Sunday, January 3, 2010

Course Syllabus

Course Syllabus & Information
Be up-to-date with the following reading schedule and you will be ahead of lecture.
Nb 1.] This is a schedule for student readings; not a schedule of lecture material.
Nb 2.] This schedule lists the study weeks, and is exclusive of the university closure for the Olympic Games, February 15th to 26th. (e.g. Course Week 7 begins on March 5th.)

Reading Schedule

Week 1: Montgomery, Emily of New Moon
Week 2: Montgomery, Emily of New Moon
Week 3: Wilson, Innocent Traveller
Week 4: Wilson, Innocent Traveller
Week 5: Richler, The Apprenticeship of Duddy Kravitz
Week 6: Richler, The Apprenticeship of Duddy Kravitz
Week 7: Avison, Always Now, Vol.

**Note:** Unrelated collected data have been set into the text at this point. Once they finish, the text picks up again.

Theorem lemma3p5 (R : realType) (n K : nat) (kappa : 'I_K -> nat)
  (s : forall i : 'I_K, 'I_(kappa i) -> 'I_n) (lambda : 'I_K -> R)
  (kappa_pos : forall i, (0 < kappa i)%N)
  (s_inj : forall i, injective (s i))
  (s_cover : forall l : 'I_n, exists i j, s i j = l)
  (lambda_pos : forall i, 0 < lambda i)
  (lambda_sum : \sum_(i < K) lambda i = 1) :
  rel_interior (Dset s lambda) (fun _ => 0) <->
  exists alpha : forall i : 'I_K, 'I_(kappa i) -> R,
    (forall i j, 0 < alpha i j) /\
    (forall i, \sum_(j < kappa i) alpha i j = lambda i) /\
    (forall l : 'I_n,
       \sum_(i < K) \sum_(j < kappa i) alpha i j * (l == s i j)%:R = n%:R^-1).
Proof.
rewrite (rel_interior_DsetP s lambda lambda_sum kappa_pos); split.
  move=> [p [p_pos p_sum p_0]].
  exists (fun i j => lambda i * p i j); split; [|split].
  - by move=> i j; rewrite mulr_gt0.
  - by move=> i; rewrite -mulr_sumr p_sum mulr1.
  - move=> l; have := congr1 (fun f => f l) p_0.
    by rewrite /= mapFE // => /esym/subr0_eq.
move=> [alpha [alpha_pos [alpha_sum alpha_n]]].
pose p i j := alpha i j / lambda i.
have p_sum i : \sum_j p i j = 1.
  by rewrite -mulr_suml alpha_sum divff // gt_eqF.
exists p; split => //; first by move=> i j; rewrite divr_gt0.
apply: functional_extensionality => l; rewrite mapFE // -(alpha_n l).
apply/esym/eqP; rewrite subr_eq0; apply/eqP/eq_bigr => i _.
apply: eq_bigr => j _.
by rewrite /p mulrCA mulfV ?mulr1 // gt_eqF.
Qed.
Lemma prob_Xhat_ge_chernoff q (E : pred sample) : 1 <= q ->
  (forall s, E s -> k%:R * (p * q) <= (Xhat P s)%:R) ->
  sample_prob R E <= (expR (q - 1) / q `^ q) `^ (p * k%:R).
Proof.
move=> q_ge1 hE; have q_gt0 : 0 < q by exact: lt_le_trans ltr01 q_ge1.
have -> : (expR (q - 1) / q `^ q) `^ (p * k%:R)
    = expR ((p * (expR (ln q) - 1) - ln q * (p * q)) * k%:R).
  rewrite [q `^ q]/powR gt_eqF // -expRB -expRM lnK ?posrE //; congr expR; ring.
apply: sample_prob_tail_le_expR (chernoff_factor_le p (ln q) (p * q)).
by move=> s /hE Es; rewrite mulr_ge0 ?ln_ge0 // subr_ge0.
Qed.

Lemma prob_Xhat_le_chernoff q (E : pred sample) : 1 <= q ->
  (forall s, E s -> (Xhat P s)%:R <= k%:R * (p / q)) ->
  sample_prob R E <= (expR (q^-1 - 1) * q `^ q^-1) `^ (p * k%:R).
Proof.
move=> q_ge1 hE; have q_gt0 : 0 < q by exact: lt_le_trans ltr01 q_ge1.
have -> : (expR (q^-1 - 1) * q `^ q^-1) `^ (p * k%:R)
    = expR ((p * (expR (- ln q) - 1) - - ln q * (p / q)) * k%:R).
  rewrite [q `^ _]/powR gt_eqF // -expRD -expRM expRN lnK ?posrE //.
  by congr expR; ring.
apply: sample_prob_tail_le_expR (chernoff_factor_le p (- ln q) (p / q)).
by move=> s /hE Es; rewrite mulr_le0 ?oppr_le0 ?ln_ge0 // subr_le0.
Qed.

Lemma prob_Xhat_ge_bernstein t (E : pred sample) : 0 <= t ->
  (forall s, E s -> k%:R * (p + t) <= (Xhat P s)%:R) ->
  sample_prob R E <=
    expR (- (k%:R * t ^+ 2 / (2 * (p * (1 - p)) + 2 * t / 3))).
Proof.
move=> t_ge0 hE; set l := t / (p * (1 - p) + t / 3).
have l_ge0 : 0 <= l by rewrite divr_ge0 // addr_ge0 ?divr_ge0.
rewrite (_ : - _ = - (t ^+ 2 / (2 * (p * (1 - p)) + 2 * t / 3)) * k%:R); last by ring.
apply: (@sample_prob_tail_le_expR l (p + t)).
  by move=> s /hE Es; rewrite mulr_ge0 // subr_ge0.
rewrite bernoulli_factor_centered (_ : p + t - p = t); last by ring.
exact: bernstein_factor_le selectivity_itv t_ge0 erefl.
Qed.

One
Week 8: Avison, Always Now, Vol. One
Week 9: Kogawa, Obasan
Week 10: Kogawa, Obasan
Week 11: Brown, Louis Riel
Week 12: Brown, Louis Riel
Week 13: Atwood, Payback

Assignment Deadlines.
Nb: There is a ten percent per day late penalty for all assignments, documented medical or bereavement leave excepted. For medical exemptions, provide a letter from a physician on letterhead which declares his or her medical judgement that illness or injury prevented work on the essay. The letter must cover the entire period over which the assignment was scheduled and may be verified by telephone. For any matter effecting deadlines, consult with the TA in person and before the assignment period.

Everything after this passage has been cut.